In breve
Quando una persona elimina pane, pasta, pizza e biscotti e si sente meglio, è facile concludere: “Era il glutine”. Ma eliminando questi alimenti non togliamo soltanto il glutine: riduciamo anche fruttani, farine, amidi rapidamente digeribili e spesso molti prodotti ultraprocessati. Se non c’è celiachia, capire che cosa provochi realmente i sintomi è più utile che accusare automaticamente una singola proteina.
Che cos’è il glutine?
Il glutine è una componente proteica presente soprattutto nel frumento, nel farro, nell’orzo e nella segale.
Nel frumento è costituito principalmente da gliadine e glutenine. Quando la farina viene mescolata con acqua, queste proteine formano quella struttura elastica che permette all’impasto di trattenere i gas della lievitazione.
Questo significa una cosa molto semplice, ma importante:
il glutine è una proteina. L’amido è un carboidrato.
Nel pane e nella pasta li mangiamo contemporaneamente, ma dal punto di vista biologico sono due sostanze completamente differenti.
Quando sappiamo con certezza che il glutine è un problema?
La situazione più chiara è la celiachia.
Nella persona geneticamente predisposta, l’ingestione di glutine provoca una risposta immunitaria che danneggia la mucosa dell’intestino tenue. La terapia consiste nell’eliminazione rigorosa e permanente del glutine.

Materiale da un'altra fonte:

(* $\mathrm{1N}\not\subseteq\mathrm{1DPD}$.
   Context: A family of promise decision problems over a fixed alphabet $\Sigma$ is $\mathcal{L}=\{(L^{(+)}_n,L^{(-)}_n)\}_{n\in\mathbb{N}}$ with $L^{(+)}_n,L^{(-)}_n\subseteq\Sigma^*$ disjoint; a family of machines $\{M_n\}_n$ solves it if each $M_n$ accepts every $x\in L^{(+)}_n$ and rejects every $x\in L^{(-)}_n$ (no uniformity is required). A 1dpda is a one-way deterministic pushdown automaton with state set $Q$, endmarked input, stack alphabet $\Gamma$ and push size $e$ (each move replaces the top stack symbol by a string in $\Gamma^{\le e}$), with accepting and rejecting halting states; its stack-state complexity is $|Q|+|\Gamma^{\le e}|$. $\mathrm{1DPD}$ is the class of families of promise problems solvable by families of 1dpda's whose stack-state complexity is bounded by a fixed polynomial in $n$. $\mathrm{1N}$ is the class of families of promise problems solvable by families of one-way nondeterministic finite automata whose number of states is bounded by a fixed polynomial in $n$. *)

From mathcomp Require Import all_boot.
Set Implicit Arguments. Unset Strict Implicit. Unset Printing Implicit Defensive.

Inductive tsym (Sigma : Type) : Type :=
  | Cent : tsym Sigma
  | Dollar : tsym Sigma
  | Sym : Sigma -> tsym Sigma.
Arguments Cent {Sigma}. Arguments Dollar {Sigma}.

Definition tape (Sigma : Type) (x : seq Sigma) : seq (tsym Sigma) :=
  Cent :: map (@Sym Sigma) x ++ [:: Dollar].

(* A promise problem: (positive instances, negative instances). *)
Definition promise (Sigma : Type) := ((seq Sigma -> Prop) * (seq Sigma -> Prop))%type.

Definition promise_disjoint (Sigma : Type) (P : promise Sigma) : Prop :=
  forall x, P.1 x -> P.2 x -> False.

Record nfa (Sigma : Type) := Nfa {
  nfa_ns : nat;
  nfa_q0 : 'I_nfa_ns;
  nfa_fin : pred 'I_nfa_ns;
  nfa_trans : 'I_nfa_ns -> tsym Sigma -> 'I_nfa_ns -> bool }.

Arguments nfa_trans {Sigma} n _ _ _ : rename.
Arguments nfa_fin {Sigma} n _ : rename.
Definition nfa_next (Sigma : Type) (M : nfa Sigma) (S : {set 'I_(nfa_ns M)})
  (a : tsym Sigma) : {set 'I_(nfa_ns M)} :=
  [set q' | [exists q in S, nfa_trans M q a q']].

Definition nfa_accepts (Sigma : Type) (M : nfa Sigma) (x : seq Sigma) : Prop :=
  exists2 q, q \in foldl (@nfa_next Sigma M) [set nfa_q0 M] (tape x) & nfa_fin M q.

Definition nfa_rejects (Sigma : Type) (M : nfa Sigma) (x : seq Sigma) : Prop :=
  ~ nfa_accepts M x.

(* states 'I_nq, stack alphabet 'I_ng, push size e; a transition
   delta q (Some a) g  reads tape symbol a, delta q None g is a lambda-move;
   it replaces the top stack symbol g by a string of length <= e. *)
Record dpda (Sigma : Type) := Dpda {
  pd_nq : nat;
  pd_ng : nat;
  pd_e : nat;
  pd_q0 : 'I_pd_nq;
  pd_z0 : 'I_pd_ng;
  pd_acc : pred 'I_pd_nq;
  pd_rej : pred 'I_pd_nq;
  pd_delta : 'I_pd_nq -> option (tsym Sigma) -> 'I_pd_ng ->
             option ('I_pd_nq * seq 'I_pd_ng);
  pd_halt_disj : forall q, ~~ (pd_acc q && pd_rej q);
  pd_push : forall q a g q' w, pd_delta q a g = Some (q', w) -> size w <= pd_e;
  pd_det : forall q g, pd_delta q None g <> None ->
             forall a, pd_delta q (Some a) g = None }.

Arguments pd_delta {Sigma} d _ _ _ : rename.
Arguments pd_acc {Sigma} d _ : rename.
Arguments pd_rej {Sigma} d _ : rename.

(* stack-state complexity |Q| + |Gamma^{<= e}| *)
Definition pd_ssc (Sigma : Type) (M : dpda Sigma) : nat :=
  pd_nq M + \sum_(i < (pd_e M).+1) pd_ng M ^ i.

Definition pd_config (Sigma : Type) (M : dpda Sigma) :=
  ('I_(pd_nq M) * seq (tsym Sigma) * seq 'I_(pd_ng M))%type.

Per poter diagnosticare correttamente una celiachia è però importante eseguire gli accertamenti mentre si sta ancora seguendo un’alimentazione completa che contenga glutine. Eliminare il glutine prima degli esami può ridurre la risposta immunitaria e rendere meno affidabili i test, fino a mascherare la diagnosi
Esiste poi l’allergia al frumento, che è una condizione diversa dalla celiachia e coinvolge meccanismi immunologici differenti.
Molto più complessa è invece la cosiddetta sensibilità non celiaca al glutine o al frumento.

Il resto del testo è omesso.